Stored data entries:
(* If $\mu\in\Pr(\mathbb{T})$ satisfies $\mu\,\hat{}\,\mu=\mu$, then $\mu$ is $F$-invariant.
   Context: For $a,b\subseteq(0,1]$ put $a\,\hat{}\,b=\tfrac12 a\cup\tfrac12(b+1)$; $\mathbb{T}$ is the set generated from $\mathbf{1}=\{1\}$ by $\hat{}$ (the free binary system on one generator; each $t\neq\mathbf{1}$ is uniquely $a\,\hat{}\,b$). $\Pr(\mathbb{T})$ is the set of finitely additive probability measures on $\mathbb{T}$ (viewed as positive normalized functionals on $\ell^\infty(\mathbb{T})$), and $(\mu\,\hat{}\,\nu)(f)=\int\int f(x\,\hat{}\,y)\,d\nu(y)\,d\mu(x)$. Thompson's group $F$ has generators $x_0,x_1$ which act partially on $\mathbb{T}$ by re-association: $x_0\cdot((a\,\hat{}\,b)\,\hat{}\,c)=a\,\hat{}\,(b\,\hat{}\,c)$, defined exactly on elements of the form $(a\,\hat{}\,b)\,\hat{}\,c$, and $x_1\cdot(s\,\hat{}\,((a\,\hat{}\,b)\,\hat{}\,c))=s\,\hat{}\,(a\,\hat{}\,(b\,\hat{}\,c))$, defined exactly on elements of the form $s\,\hat{}\,((a\,\hat{}\,b)\,\hat{}\,c)$. For $E\subseteq\mathbb{T}$, $x_i\cdot E=\{x_i\cdot t: t\in E,\ x_i\cdot t \text{ defined}\}$. A measure $\mu\in\Pr(\mathbb{T})$ is $F$-invariant if $\mu(\{t:x_0\cdot t\text{ and }x_1\cdot t\text{ are defined}\})=1$ and $\mu(x_0\cdot E)=\mu(x_1\cdot E)=\mu(E)$ for every $E\subseteq\mathbb{T}$. *)

From Stdlib Require Import Reals ClassicalEpsilon.
Open Scope R_scope.

(* The free binary system on one generator: binary trees.
   [leaf] is the generator 1, [node a b] is a ^ b. *)
Inductive tree : Type :=
| leaf : tree
| node : tree -> tree -> tree.

Definition bounded_fn (f : tree -> R) : Prop :=
  exists M, forall t, Rabs (f t) <= M.

(* A finitely additive probability measure on T, viewed as a positive,
   normalized linear functional on l^infty(T). *)
Definition is_mean (mu : (tree -> R) -> R) : Prop :=
  (forall f g, bounded_fn f -> bounded_fn g ->
     mu (fun t => f t + g t) = mu f + mu g) /\
  (forall (c : R) f, bounded_fn f -> mu (fun t => c * f t) = c * mu f) /\
  (forall f, bounded_fn f -> (forall t, 0 <= f t) -> 0 <= mu f) /\
  mu (fun _ => 1) = 1.

Definition conv (mu nu : (tree -> R) -> R) : (tree -> R) -> R :=
  fun f => mu (fun x => nu (fun y => f (node x y))).

Definition indicator (E : tree -> Prop) : tree -> R :=
  fun t => if excluded_middle_informative (E t) then 1 else 0.

Definition measure_of (mu : (tree -> R) -> R) (E : tree -> Prop) : R :=
  mu (indicator E).

(* partial actions of the generators x0, x1 of Thompson's group F *)
Definition act_x0 (t : tree) : option tree :=
  match t with
  | node (node a b) c => Some (node a (node b c))
  | _ => None
  end.

Definition act_x1 (t : tree) : option tree :=
  match t with
  | node s (node (node a b) c) => Some (node s (node a (node b c)))
  | _ => None
  end.

Definition act_set (x : tree -> option tree) (E : tree -> Prop) : tree -> Prop :=
  fun u => exists t, E t /\ x t = Some u.

Definition F_invariant (mu : (tree -> R) -> R) : Prop :=
  measure_of mu (fun t => act_x0 t <> None /\ act_x1 t <> None) = 1 /\
  (forall E : tree -> Prop,
     measure_of mu (act_set act_x0 E) = measure_of mu E /\
     measure_of mu (act_set act_x1 E) = measure_of mu E).

From Stdlib Require Import Reals Lra FunctionalExtensionality ClassicalEpsilon.
Open Scope R_scope.

(* Idempotence μ = μ^μ, applied twice in two different ways, shows that the
   triple integrals of [g (node (node a b) c)] and of [g (node a (node b c))]
   both equal [μ g].  Since [x0] maps [(a^b)^c] to [a^(b^c)], this gives
   [μ(x0·E) = μ(E)]; the same argument under a fixed left subtree [s] gives
   invariance under [x1], and iterating the splitting shows that [μ] is carried
   by trees of the shape [(a^b)^((c^d)^e)], on which both generators act. *)

Lemma bounded_fn_node (g : tree -> R) (s : tree) :
  bounded_fn g -> bounded_fn (fun y => g (node s y)).
Proof. intros [M HM]; exists M; auto. Qed.

Lemma bounded_fn_indicator (E : tree -> Prop) : bounded_fn (indicator E).
Proof.
  exists 1; intros t; unfold indicator.
  destruct excluded_middle_informative; [rewrite Rabs_R1 | rewrite Rabs_R0]; lra.
Qed.

Lemma indicator_iff (E1 E2 : tree -> Prop) (t1 t2 : tree) :
  (E1 t1 <-> E2 t2) -> indicator E1 t1 = indicator E2 t2.
Proof.
  intros H; unfold indicator; do 2 destruct excluded_middle_informative; tauto.
Qed.

Lemma mean_ext (mu : (tree -> R) -> R) (f g : tree -> R) :
  (forall t, f t = g t) -> mu f = mu g.
Proof. intros H; f_equal; apply functional_extensionality, H. Qed.

Section Mean.

Variable mu : (tree -> R) -> R.
Hypothesis mu_mean : is_mean mu.

Lemma mean_const (c : R) : mu (fun _ => c) = c.
Proof.
  destruct mu_mean as (_ & mu_scale & _ & mu_one).
  rewrite (mean_ext mu _ (fun t => c * (fun _ => 1) t)) by (intros; ring).
  rewrite mu_scale, mu_one by (exists 1; intros; rewrite Rabs_R1; lra).
  ring.
Qed.

Lemma mean_const_ext (f : tree -> R) (c : R) : (forall t, f t = c) -> mu f = c.
Proof. intros H; rewrite (mean_ext mu f (fun _ => c)) by exact H; apply mean_const. Qed.

Lemma mean_le (f g : tree -> R) :
  bounded_fn f -> bounded_fn g -> (forall t, f t <= g t) -> mu f <= mu g.
Proof.
  intros Bf Bg Hfg.
  destruct mu_mean as (mu_add & mu_scale & mu_pos & _).
  assert (Bnf : bounded_fn (fun t => -1 * f t)).
  { destruct Bf as [M HM]; exists M; intros t.
    replace (-1 * f t) with (- f t) by ring; rewrite Rabs_Ropp; auto. }
  assert (Bdiff : bounded_fn (fun t => g t + -1 * f t)).
  { destruct Bg as [Mg HMg], Bnf as [Mf HMf]; exists (Mg + Mf); intros t.
    eapply Rle_trans; [apply Rabs_triang | apply Rplus_le_compat; auto]. }
  assert (Hpos := mu_pos _ Bdiff (fun t => ltac:(specialize (Hfg t); lra))).
  rewrite mu_add, mu_scale in Hpos by assumption; lra.
Qed.

Lemma mean_abs_le (f : tree -> R) (M : R) :
  (forall t, Rabs (f t) <= M) -> Rabs (mu f) <= M.
Proof.
  intros HM.
  assert (Bf : bounded_fn f) by (exists M; exact HM).
  assert (Bc : forall c, bounded_fn (fun _ => c))
    by (intros c; exists (Rabs c); intros; lra).
  assert (Hbetween : forall t, - M <= f t <= M).
  { intros t; pose proof (Rle_abs (f t)); pose proof (Rle_abs (- f t)).
    rewrite Rabs_Ropp in *; specialize (HM t); lra. }
  apply Rabs_le; split.
  - rewrite <- (mean_const (- M)) at 1; apply mean_le; auto; apply Hbetween.
  - rewrite <- (mean_const M); apply mean_le; auto; apply Hbetween.
Qed.

Lemma bounded_fn_mean_node (g : tree -> R) :
  bounded_fn g -> bounded_fn (fun x => mu (fun y => g (node x y))).
Proof. intros [M HM]; exists M; intros x; apply mean_abs_le; auto. Qed.

Hypothesis mu_idem : forall f : tree -> R, bounded_fn f -> conv mu mu f = mu f.

Lemma mean_split (g : tree -> R) :
  bounded_fn g -> mu g = mu (fun x => mu (fun y => g (node x y))).
Proof. intros Bg; rewrite <- (mu_idem g Bg); reflexivity. Qed.

Lemma mean_split_left (g : tree -> R) : bounded_fn g ->
  mu g = mu (fun a => mu (fun b => mu (fun c => g (node (node a b) c)))).
Proof.
  intros Bg; rewrite (mean_split g Bg).
  exact (mean_split _ (bounded_fn_mean_node g Bg)).
Qed.

Lemma mean_split_right (g : tree -> R) : bounded_fn g ->
  mu g = mu (fun a => mu (fun b => mu (fun c => g (node a (node b c))))).
Proof.
  intros Bg; rewrite (mean_split g Bg); apply mean_ext; intros a.
  exact (mean_split _ (bounded_fn_node g a Bg)).
Qed.

Lemma mean_reassoc (g h : tree -> R) :
  bounded_fn g -> bounded_fn h ->
  (forall a b c, h (node a (node b c)) = g (node (node a b) c)) -> mu h = mu g.
Proof.
  intros Bg Bh Hhg; rewrite (mean_split_right h Bh), (mean_split_left g Bg).
  apply mean_ext; intros a; apply mean_ext; intros b; apply mean_ext; intros c.
  apply Hhg.
Qed.

Lemma measure_act_x0 (E : tree -> Prop) :
  measure_of mu (act_set act_x0 E) = measure_of mu E.
Proof.
  apply mean_reassoc; try apply bounded_fn_indicator.
  intros a b c; apply indicator_iff; split.
  - intros [[|[|t1 t2] t3] [Ht Hx]]; try discriminate.
    now injection Hx as -> -> ->.
  - intros H; now exists (node (node a b) c).
Qed.

Lemma measure_act_x1 (E : tree -> Prop) :
  measure_of mu (act_set act_x1 E) = measure_of mu E.
Proof.
  unfold measure_of.
  rewrite (mean_split _ (bounded_fn_indicator _)), (mean_split _ (bounded_fn_indicator E)).
  apply mean_ext; intros s.
  apply mean_reassoc; try apply bounded_fn_node, bounded_fn_indicator.
  intros a b c; apply indicator_iff; split.
  - intros [[|t0 [|[|t1 t2] t3]] [Ht Hx]]; try discriminate.
    now injection Hx as -> -> -> ->.
  - intros H; now exists (node s (node (node a b) c)).
Qed.

Lemma measure_x0_x1_defined :
  measure_of mu (fun t => act_x0 t <> None /\ act_x1 t <> None) = 1.
Proof.
  set (S := fun t => act_x0 t <> None /\ act_x1 t <> None).
  unfold measure_of; rewrite (mean_split_left _ (bounded_fn_indicator S)).
  apply mean_const_ext; intros a; apply mean_const_ext; intros b.
  rewrite (mean_split_left _ (bounded_fn_node _ _ (bounded_fn_indicator S))).
  apply mean_const_ext; intros c; apply mean_const_ext; intros d.
  apply mean_const_ext; intros e.
  unfold indicator; destruct excluded_middle_informative as [|HnS]; [reflexivity|].
  exfalso; apply HnS; split; discriminate.
Qed.

End Mean.

Theorem proposition3p3 (mu : (tree -> R) -> R) :
  is_mean mu ->
  (forall f : tree -> R, bounded_fn f -> conv mu mu f = mu f) ->
  F_invariant mu.
Proof.
  intros mu_mean mu_idem; split.
  - exact (measure_x0_x1_defined mu mu_mean mu_idem).
  - intros E; split.
    + exact (measure_act_x0 mu mu_mean mu_idem E).
    + exact (measure_act_x1 mu mu_mean mu_idem E).
Qed.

Task statement: Using the entries above, repeat only the lines from the one containing "Theorem proposition3p3 (mu" through the one containing "- intros E; split.", end lines included.

Exercise output:
Theorem proposition3p3 (mu : (tree -> R) -> R) :
  is_mean mu ->
  (forall f : tree -> R, bounded_fn f -> conv mu mu f = mu f) ->
  F_invariant mu.
Proof.
  intros mu_mean mu_idem; split.
  - exact (measure_x0_x1_defined mu mu_mean mu_idem).
  - intros E; split.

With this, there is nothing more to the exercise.